» **DIRECTIONS**: Beginning with the first line, transcribe the entries below exactly through the line containing "Definition connected_graph (n", inclusive.

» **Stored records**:
(* Let $G$ be a simple connected graph and let $v$ be a real eigenvector of $\mathcal M$ with $\mathcal Mv=\mu v$, $\mu>0$. Let $S=\{i: v_i\ge0\}$ and let $\theta\in[0,\pi/2)$ be the angle between $|v|=(|v_1|,\dots,|v_n|)^{\mathsf T}$ and $\delta$. If $\mu>\tan^2\theta$, then $Q(S)>0$.
   Context: $G=(V,E)$ is a finite, undirected, unweighted, simple connected graph with adjacency matrix $A$, degrees $d_i$, $D=\mathrm{Diag}(d_i)$, $\delta=(\sqrt{d_1},\dots,\sqrt{d_n})^{\mathsf T}$, $\mathrm{vol}\, S=\sum_{i\in S}d_i$, $\mathbb 1_S$ the characteristic vector of $S$. $\mathcal M=D^{-1/2}AD^{-1/2}-\frac{1}{\mathrm{vol}\, V}\delta\delta^{\mathsf T}$. The modularity of $S$ is $Q(S)=\mathbb 1_S^{\mathsf T}A\mathbb 1_S-(\mathrm{vol}\, S)^2/\mathrm{vol}\, V$. *)

From HB Require Import structures.
From mathcomp Require Import all_boot all_order all_algebra.
Set Implicit Arguments. Unset Strict Implicit. Unset Printing Implicit Defensive.
Import Order.TTheory GRing.Theory Num.Theory.
Local Open Scope ring_scope.

Definition simple_graph (n : nat) (e : rel 'I_n) : Prop :=
  symmetric e /\ irreflexive e.
Definition connected_graph (n : nat) (e : rel 'I_n) : Prop :=
  forall i j : 'I_n, connect e i j.

Section Graph.
Variables (R : rcfType) (n : nat) (e : rel 'I_n).

Definition adjmx : 'M[R]_n := \matrix_(i, j) (e i j)%:R.
Definition deg (i : 'I_n) : nat := #|[set j | e i j]|.
Definition vol (S : {set 'I_n}) : R := \sum_(i in S) (deg i)%:R.
Definition degsqrt : 'cV[R]_n := \col_i Num.sqrt (deg i)%:R.
Definition Dinvsqrt : 'M[R]_n := diag_mx (\row_i (Num.sqrt (deg i)%:R)^-1).
Definition modmx : 'M[R]_n :=
  Dinvsqrt *m adjmx *m Dinvsqrt - (vol setT)^-1 *: (degsqrt *m degsqrt^T).
Definition charvec (S : {set 'I_n}) : 'cV[R]_n := \col_i (i \in S)%:R.
Definition modularity (S : {set 'I_n}) : R :=
  ((charvec S)^T *m adjmx *m charvec S) 0 0 - (vol S) ^+ 2 / vol setT.
End Graph.

Section Angle.
Variables (R : rcfType) (n : nat).
Definition vdot (u w : 'cV[R]_n) : R := (u^T *m w) 0 0.
Definition vnorm (u : 'cV[R]_n) : R := Num.sqrt (vdot u u).
Definition absvec (v : 'cV[R]_n) : 'cV[R]_n := map_mx (fun x => `|x|) v.
Definition cos_angle (u w : 'cV[R]_n) : R := vdot u w / (vnorm u * vnorm w).
Definition tan2_angle (u w : 'cV[R]_n) : R :=
  (1 - cos_angle u w ^+ 2) / cos_angle u w ^+ 2.
End Angle.

(* Let [u = D^1/2 (1_S - 1_(V \ S))]. Then [u^T M u = 4 Q(S)], [|u|^2 = vol V]
   and [u . v = |v| . delta]. The matrix [M + 1] is positive semidefinite and
   [(M + 1) v = (mu + 1) v], so Cauchy-Schwarz for the form of [M + 1] gives
   [(mu + 1) (|v| . delta)^2 <= |v|^2 (vol V + 4 Q(S))]. As [|delta|^2 = vol V],
   the hypothesis [mu > tan^2 theta] says [|v|^2 vol V < (mu + 1) (|v| . delta)^2],
   whence [Q(S) > 0]. Connectivity only serves to exclude isolated vertices, at
   which [M] has a zero row. *)

From HB Require Import structures.
From mathcomp Require Import all_boot all_order all_algebra.
From mathcomp Require Import ring lra.
Set Implicit Arguments. Unset Strict Implicit. Unset Printing Implicit Defensive.
Import Order.TTheory GRing.Theory Num.Theory.
Local Open Scope ring_scope.

Lemma weighted_sum_sqr_le (R : realFieldType) (I : finType) (w z : I -> R) :
  (forall i, 0 <= w i) ->
  (\sum_i w i * z i) ^+ 2 <= (\sum_i w i) * \sum_i w i * z i ^+ 2.
Proof.
move=> w_ge0; set W := \sum_i w i; set Z := \sum_i w i * z i.
have W_ge0 : 0 <= W by exact: sumr_ge0.
have [W0 | W_neq0] := eqVneq W 0.
  have w0 := psumr_eq0P (fun i _ => w_ge0 i) W0.
  by rewrite /Z big1 ?expr0n ?W0 ?mul0r // => i _; rewrite w0 ?mul0r.
have W_gt0 : 0 < W by rewrite lt_def W_neq0.
have : 0 <= \sum_i w i * (W * z i - Z) ^+ 2.
  by apply: sumr_ge0 => i _; rewrite mulr_ge0 ?sqr_ge0.
have -> : \sum_i w i * (W * z i - Z) ^+ 2 =
          W ^+ 2 * \sum_i w i * z i ^+ 2 - 2 * W * Z * Z + Z ^+ 2 * W.
  rewrite (eq_bigr (fun i => W ^+ 2 * (w i * z i ^+ 2) - 2 * W * Z * (w i * z i)
                             + Z ^+ 2 * w i)) => [|i _]; last by ring.
  by rewrite big_split sumrB -!mulr_sumr.
nra.
Qed.

Section InnerProduct.
Variables (R : rcfType) (n : nat).
Implicit Types (u w z : 'cV[R]_n) (M : 'M[R]_n).

Lemma vdotE u w : vdot u w = \sum_i u i 0 * w i 0.
Proof. by rewrite /vdot mxE; apply: eq_bigr => i _; rewrite mxE. Qed.

Lemma vdotC u w : vdot u w = vdot w u.
Proof. by rewrite !vdotE; apply: eq_bigr => i _; rewrite mulrC. Qed.

Lemma vdotDl u1 u2 w : vdot (u1 + u2) w = vdot u1 w + vdot u2 w.
Proof. by rewrite !vdotE -big_split; apply: eq_bigr => i _; rewrite mxE mulrDl. Qed.

Lemma vdotZl a u w : vdot (a *: u) w = a * vdot u w.
Proof. by rewrite !vdotE mulr_sumr; apply: eq_bigr => i _; rewrite mxE mulrA. Qed.

Lemma vdotNl u w : vdot (- u) w = - vdot u w.
Proof. by rewrite -scaleN1r vdotZl mulN1r. Qed.

Lemma vdotDr u w1 w2 : vdot u (w1 + w2) = vdot u w1 + vdot u w2.
Proof. by rewrite vdotC vdotDl !(vdotC u). Qed.

Lemma vdotZr a u w : vdot u (a *: w) = a * vdot u w.
Proof. by rewrite vdotC vdotZl vdotC. Qed.

Lemma vdotNr u w : vdot u (- w) = - vdot u w.
Proof. by rewrite vdotC vdotNl vdotC. Qed.

Lemma vdot_mulmx_sym M u w : M^T = M -> vdot u (M *m w) = vdot (M *m u) w.
Proof. by move=> M_sym; rewrite /vdot trmx_mul M_sym mulmxA. Qed.

Lemma vdot_gt0 u : u != 0 -> 0 < vdot u u.
Proof.
move=> /cV0Pn[k uk_neq0]; rewrite vdotE (bigD1 k) //=.
apply: (lt_le_trans (y := u k 0 * u k 0)); first by rewrite -expr2 exprn_even_gt0.
by rewrite lerDl; apply: sumr_ge0 => i _; rewrite -expr2 sqr_ge0.
Qed.

Lemma vdot_absvec u : vdot (absvec u) (absvec u) = vdot u u.
Proof.
by rewrite !vdotE; apply: eq_bigr => i _; rewrite !mxE -!expr2 real_normK ?num_real.
Qed.

Lemma tan2_angleE u w : 0 < vdot u u -> 0 < vdot w w -> vdot u w != 0 ->
  tan2_angle u w = (vdot u u * vdot w w - vdot u w ^+ 2) / vdot u w ^+ 2.
Proof.
move=> uu_gt0 ww_gt0 uw_neq0.
rewrite /tan2_angle /cos_angle /vnorm expr_div_n exprMn !sqr_sqrtr ?ltW //.
by field; rewrite uw_neq0 !gt_eqF.
Qed.

(* Cauchy-Schwarz for the semidefinite form [y |-> vdot y ((M + 1) y)], applied
   to [z] and the eigenvector [v]. *)
Lemma eigvec_vdot_sqr_le M v z mu :
  M^T = M -> M *m v = mu *: v ->
  (forall y, 0 <= vdot y y + vdot y (M *m y)) -> 0 < vdot v v ->
  vdot z v ^+ 2 * (mu + 1) <= vdot v v * (vdot z z + vdot z (M *m z)).
Proof.
move=> M_sym Mv psd vv_gt0; set w := vdot v v; set b := vdot z v.
have := psd (w *: z - b *: v).
rewrite mulmxBr -!scalemxAr Mv !(vdotDl, vdotDr, vdotNl, vdotNr, vdotZl, vdotZr).
rewrite (vdot_mulmx_sym v z M_sym) Mv vdotZl (vdotC v z) -/b -/w => h.
have : 0 <= w * (w * (vdot z z + vdot z (M *m z)) - b ^+ 2 * (mu + 1)) by nra.
by rewrite pmulr_rge0 // subr_ge0.
Qed.

End InnerProduct.

Section ModularityMatrix.
Variables (R : rcfType) (n : nat) (e : rel 'I_n).

Local Notation a i j := ((e i j : nat)%:R : R).
Local Notation d i := ((deg e i)%:R : R).
Local Notation sq i := (Num.sqrt (deg e i)%:R : R).
Local Notation V := (vol R e setT).
Local Notation M := (modmx R e).

Lemma degE i : d i = \sum_j a i j.
Proof.
rewrite -natr_sum /deg -sum1_card big_mkcond /=; congr (_%:R).
by apply: eq_bigr => j _; rewrite inE; case: (e i j).
Qed.

Lemma volT : V = \sum_i d i.
Proof. by rewrite /vol; apply: eq_bigl => i; rewrite inE. Qed.

Lemma vol_sum_adj : V = \sum_i \sum_j a i j.
Proof. by rewrite volT; apply: eq_bigr => i _; rewrite degE. Qed.

Lemma sqrt_deg_sqr i : sq i ^+ 2 = d i.
Proof. by rewrite sqr_sqrtr ?ler0n. Qed.

Lemma modmxE i j : M i j = (sq i)^-1 * a i j * (sq j)^-1 - V^-1 * (sq i * sq j).
Proof. by rewrite /modmx /Dinvsqrt mul_mx_diag mul_diag_mx !mxE big_ord1 !mxE. Qed.

Lemma modmx_deg0 i j : deg e i = 0%N -> M i j = 0.
Proof.
by move=> deg0; rewrite modmxE deg0 mulr0n sqrtr0 invr0 !(mul0r, mulr0, subrr).
Qed.

(* In terms of [x = D^-1/2 y], with the junk value [0^-1 = 0] at isolated vertices. *)
Lemma vdot_modmx y :
  vdot y (M *m y) = \sum_i \sum_j a i j * (y i 0 / sq i) * (y j 0 / sq j)
                    - V^-1 * (\sum_i sq i * y i 0) ^+ 2.
Proof.
rewrite vdotE expr2 big_distrlr /= mulr_sumr -sumrB; apply: eq_bigr => i _.
rewrite mxE !mulr_sumr -sumrB; apply: eq_bigr => j _.
by rewrite modmxE; ring.
Qed.

Lemma vdot_degsqrt : vdot (degsqrt R e) (degsqrt R e) = V.
Proof.
by rewrite vdotE volT; apply: eq_bigr => i _; rewrite !mxE -expr2 sqrt_deg_sqr.
Qed.

Lemma modularityE S :
  modularity R e S = \sum_i \sum_j a i j * (i \in S)%:R * (j \in S)%:R
                     - (\sum_i (i \in S)%:R * d i) ^+ 2 / V.
Proof.
rewrite /modularity mxE; congr (_ - _ ^+ 2 / _).
  rewrite exchange_big; apply: eq_bigr => j _.
  rewrite !mxE mulr_suml; apply: eq_bigr => i _.
  by rewrite !mxE; ring.
rewrite /vol big_mkcond; apply: eq_bigr => i _.
by case: (i \in S); rewrite ?mulr1n ?mul1r ?mul0r.
Qed.

Definition signvec (S : {set 'I_n}) : 'cV[R]_n :=
  \col_i ((if i \in S then 1 else -1) * sq i).

Lemma vdot_signvec S : vdot (signvec S) (signvec S) = V.
Proof.
rewrite vdotE volT; apply: eq_bigr => i _.
by rewrite mxE mulrACA -!expr2 sqrt_deg_sqr; case: (i \in S); ring.
Qed.

Lemma vdot_signvec_nonneg (v : 'cV[R]_n) :
  vdot (signvec [set i | 0 <= v i 0]) v = vdot (absvec v) (degsqrt R e).
Proof.
rewrite !vdotE; apply: eq_bigr => i _; rewrite !mxE inE.
case: ifP => [v_ge0 | /negbT]; first by rewrite ger0_norm //; ring.
by rewrite -ltNge => v_lt0; rewrite ltr0_norm //; ring.
Qed.

Hypothesis e_sym : symmetric e.

Lemma modmx_sym : M^T = M.
Proof. by apply/matrixP => i j; rewrite mxE !modmxE e_sym; congr (_ - _ * _); ring. Qed.

Lemma sum_adj_swap (F : 'I_n -> R) :
  \sum_i \sum_j a i j * F j = \sum_i \sum_j a i j * F i.
Proof.
by rewrite exchange_big; apply: eq_bigr => i _; apply: eq_bigr => j _; rewrite e_sym.
Qed.

End ModularityMatrix.

Section PositiveDegrees.
Variables (R : rcfType) (n : nat) (e : rel 'I_n).
Hypotheses (e_sym : symmetric e) (deg_gt0 : forall i, (0 < deg e i)%N).

Local Notation a i j := ((e i j : nat)%:R : R).
Local Notation d i := ((deg e i)%:R : R).
Local Notation sq i := (Num.sqrt (deg e i)%:R : R).
Local Notation V := (vol R e setT).
Local Notation M := (modmx R e).

Lemma sqrt_deg_gt0 i : 0 < sq i.
Proof. by rewrite sqrtr_gt0 ltr0n. Qed.

Lemma vol_gt0 (i0 : 'I_n) : 0 < V.
Proof.
rewrite volT (bigD1 i0) //=; apply: (lt_le_trans (y := d i0)); first by rewrite ltr0n.
by rewrite lerDl; apply: sumr_ge0 => *; exact: ler0n.
Qed.

Lemma vdot_absvec_degsqrt_gt0 v : v != 0 -> 0 < vdot (absvec v) (degsqrt R e).
Proof.
move=> /cV0Pn[k vk_neq0]; rewrite vdotE (bigD1 k) //=.
rewrite ltr_pwDl ?mxE ?mulr_gt0 ?normr_gt0 ?sqrt_deg_gt0 //.
by apply: sumr_ge0 => i _; rewrite !mxE mulr_ge0 ?sqrtr_ge0.
Qed.

(* With [x = D^-1/2 y] and [s = delta^T y],
   [y^T (M + 1) y = 1/2 sum_ij a_ij (x_i + x_j)^2 - s^2 / V], and since
   [2 s = sum_ij a_ij (x_i + x_j)], Cauchy-Schwarz bounds [s^2 / V] by half the
   first term. *)
Lemma modmx_psd y : 0 <= vdot y y + vdot y (M *m y).
Proof.
pose x i := y i 0 / sq i.
have yE i : y i 0 = sq i * x i by rewrite /x mulrC divfK ?gt_eqF ?sqrt_deg_gt0.
pose P := \sum_i \sum_j a i j * x i ^+ 2.
pose X := \sum_i \sum_j a i j * x i * x j.
pose s := \sum_i \sum_j a i j * x i.
have yyE : vdot y y = P.
  rewrite vdotE; apply: eq_bigr => i _.
  by rewrite -mulr_suml -degE -sqrt_deg_sqr yE; ring.
have sE : \sum_i sq i * y i 0 = s.
  apply: eq_bigr => i _.
  by rewrite -mulr_suml -degE yE mulrA -expr2 sqrt_deg_sqr.
have sum_pairE : \sum_i \sum_j a i j * (x i + x j) = 2 * s.
  rewrite (eq_bigr (fun i => \sum_j a i j * x i + \sum_j a i j * x j)).
    by rewrite big_split /= sum_adj_swap // -/s; ring.
  by move=> i _; rewrite -big_split; apply: eq_bigr => j _; rewrite mulrDr.
have sum_pair_sqrE : \sum_i \sum_j a i j * (x i + x j) ^+ 2 = 2 * (P + X).
  rewrite (eq_bigr (fun i => \sum_j a i j * x i ^+ 2 + \sum_j a i j * x j ^+ 2
                             + 2 * \sum_j a i j * x i * x j)).
    by rewrite !big_split /= sum_adj_swap // -mulr_sumr -/P -/X; ring.
  move=> i _; rewrite mulr_sumr -!big_split; apply: eq_bigr => j _ /=; ring.
have PX_ge0 : 0 <= P + X.
  have : 0 <= \sum_i \sum_j a i j * (x i + x j) ^+ 2.
    by do 2!apply: sumr_ge0 => ? _; rewrite mulr_ge0 ?ler0n ?sqr_ge0.
  by rewrite sum_pair_sqrE pmulr_rge0.
have cauchy_schwarz : (2 * s) ^+ 2 <= V * (2 * (P + X)).
  rewrite -sum_pairE -sum_pair_sqrE vol_sum_adj !pair_bigA /=.
  exact: (weighted_sum_sqr_le (fun p => x p.1 + x p.2) (fun p => ler0n _ _)).
rewrite yyE vdot_modmx sE -/X.
have [-> | V_neq0] := eqVneq V 0; first by rewrite invr0 mul0r subr0.
have V_gt0 : 0 < V by rewrite lt_def V_neq0 volT sumr_ge0 // => i _; rewrite ler0n.
have t_ge0 : 0 <= V^-1 * s ^+ 2 by rewrite pmulr_rge0 ?invr_gt0 ?sqr_ge0.
rewrite exprMn (_ : s ^+ 2 = V * (V^-1 * s ^+ 2)) in cauchy_schwarz.
  by nra.
by rewrite mulrA mulfV // mul1r.
Qed.

Lemma modmx_signvec (i0 : 'I_n) S :
  vdot (signvec R e S) (M *m signvec R e S) = 4 * modularity R e S.
Proof.
pose c i : R := (i \in S)%:R.
pose volS := \sum_i c i * d i.
have signE i : (if i \in S then 1 else -1) = 2 * c i - 1.
  by rewrite /c; case: (i \in S); rewrite ?mulr1n ?mulr0n; ring.
have coordE i : signvec R e S i 0 / sq i = 2 * c i - 1.
  by rewrite mxE signE mulfK ?gt_eqF ?sqrt_deg_gt0.
have weightE i : sq i * signvec R e S i 0 = (2 * c i - 1) * d i.
  by rewrite mxE signE mulrCA -expr2 sqrt_deg_sqr.
have pairE : \sum_i \sum_j a i j * (2 * c i - 1) * (2 * c j - 1) =
             4 * \sum_i \sum_j a i j * c i * c j - 4 * volS + V.
  have volSE : \sum_i \sum_j a i j * c i = volS.
    by apply: eq_bigr => i _; rewrite -mulr_suml -degE mulrC.
  rewrite vol_sum_adj.
  rewrite (eq_bigr (fun i => 4 * \sum_j a i j * c i * c j - 2 * \sum_j a i j * c i
                             - 2 * \sum_j a i j * c j + \sum_j a i j)).
    rewrite big_split !sumrB /= -!mulr_sumr sum_adj_swap // volSE; ring.
  move=> i _; rewrite !mulr_sumr -!sumrB -big_split; apply: eq_bigr => j _ /=; ring.
have weight_sumE : \sum_i (2 * c i - 1) * d i = 2 * volS - V.
  by rewrite volT mulr_sumr -sumrB; apply: eq_bigr => i _; ring.
rewrite vdot_modmx (eq_bigr _ (fun i _ => weightE i)) weight_sumE.
under eq_bigr do under eq_bigr do rewrite !coordE.
rewrite pairE modularityE /volS /c.
by field; rewrite gt_eqF ?(vol_gt0 i0).
Qed.

End PositiveDegrees.

Lemma connected_deg0_eq (n : nat) (e : rel 'I_n) i k :
  connected_graph e -> deg e i = 0%N -> k = i.
Proof.
move=> conn deg0; have := conn i k; case/connectP => -[_ -> //|j p /=].
have /setP/(_ j) := cards0_eq deg0.
by rewrite !inE => ->.
Qed.

Lemma deg_gt0_of_eigvec (R : rcfType) (n : nat) (e : rel 'I_n) (v : 'cV[R]_n) mu :
  connected_graph e -> modmx R e *m v = mu *: v -> mu != 0 -> v != 0 ->
  forall i, (0 < deg e i)%N.
Proof.
move=> conn Mv mu_neq0 /cV0Pn[k vk_neq0] i; rewrite lt0n; apply/eqP => deg0.
have ki := connected_deg0_eq k conn deg0; subst k.
have : (modmx R e *m v) i 0 = 0.
  by rewrite mxE big1 // => j _; rewrite modmx_deg0 ?mul0r.
by rewrite Mv mxE => /eqP; rewrite mulf_eq0 (negbTE mu_neq0) (negbTE vk_neq0).
Qed.

Theorem corollary5p3 (R : rcfType) (n : nat) (e : rel 'I_n)
  (hsimple : simple_graph e) (hconn : connected_graph e)
  (v : 'cV[R]_n) (mu : R)
  (hv0 : v != 0) (heig : modmx R e *m v = mu *: v) (hmu : 0 < mu)
  (htan : tan2_angle (absvec v) (degsqrt R e) < mu) :
  0 < modularity R e [set i | 0 <= v i 0].
Proof.
case: hsimple => e_sym _.
have deg_gt0 := deg_gt0_of_eigvec hconn heig (lt0r_neq0 hmu) hv0.
have /cV0Pn[k _] := hv0.
set S := [set i | 0 <= v i 0].
set w := vdot v v; set a := vdot (absvec v) (degsqrt R e); set V := vol R e setT.
have w_gt0 : 0 < w := vdot_gt0 hv0.
have a_gt0 : 0 < a := vdot_absvec_degsqrt_gt0 deg_gt0 hv0.
have V_gt0 : 0 < V := vol_gt0 R deg_gt0 k.
have := eigvec_vdot_sqr_le (signvec R e S) (modmx_sym R e_sym) heig
          (modmx_psd e_sym deg_gt0) w_gt0.
rewrite vdot_signvec_nonneg vdot_signvec (modmx_signvec R e_sym deg_gt0 k) -/a -/w -/V.
move: htan; rewrite tan2_angleE ?vdot_absvec ?vdot_degsqrt ?gt_eqF // -/a -/w -/V.
rewrite ltr_pdivrMr ?exprn_gt0 // => tan_lt bound.
have : 0 < w * (4 * modularity R e S) by nra.
by rewrite !pmulr_rgt0.
Qed.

» **OUTPUT BELOW**:
(* Let $G$ be a simple connected graph and let $v$ be a real eigenvector of $\mathcal M$ with $\mathcal Mv=\mu v$, $\mu>0$. Let $S=\{i: v_i\ge0\}$ and let $\theta\in[0,\pi/2)$ be the angle between $|v|=(|v_1|,\dots,|v_n|)^{\mathsf T}$ and $\delta$. If $\mu>\tan^2\theta$, then $Q(S)>0$.
   Context: $G=(V,E)$ is a finite, undirected, unweighted, simple connected graph with adjacency matrix $A$, degrees $d_i$, $D=\mathrm{Diag}(d_i)$, $\delta=(\sqrt{d_1},\dots,\sqrt{d_n})^{\mathsf T}$, $\mathrm{vol}\, S=\sum_{i\in S}d_i$, $\mathbb 1_S$ the characteristic vector of $S$. $\mathcal M=D^{-1/2}AD^{-1/2}-\frac{1}{\mathrm{vol}\, V}\delta\delta^{\mathsf T}$. The modularity of $S$ is $Q(S)=\mathbb 1_S^{\mathsf T}A\mathbb 1_S-(\mathrm{vol}\, S)^2/\mathrm{vol}\, V$. *)

From HB Require Import structures.
From mathcomp Require Import all_boot all_order all_algebra.
Set Implicit Arguments. Unset Strict Implicit. Unset Printing Implicit Defensive.
Import Order.TTheory GRing.Theory Num.Theory.
Local Open Scope ring_scope.

Definition simple_graph (n : nat) (e : rel 'I_n) : Prop :=
  symmetric e /\ irreflexive e.
Definition connected_graph (n : nat) (e : rel 'I_n) : Prop :=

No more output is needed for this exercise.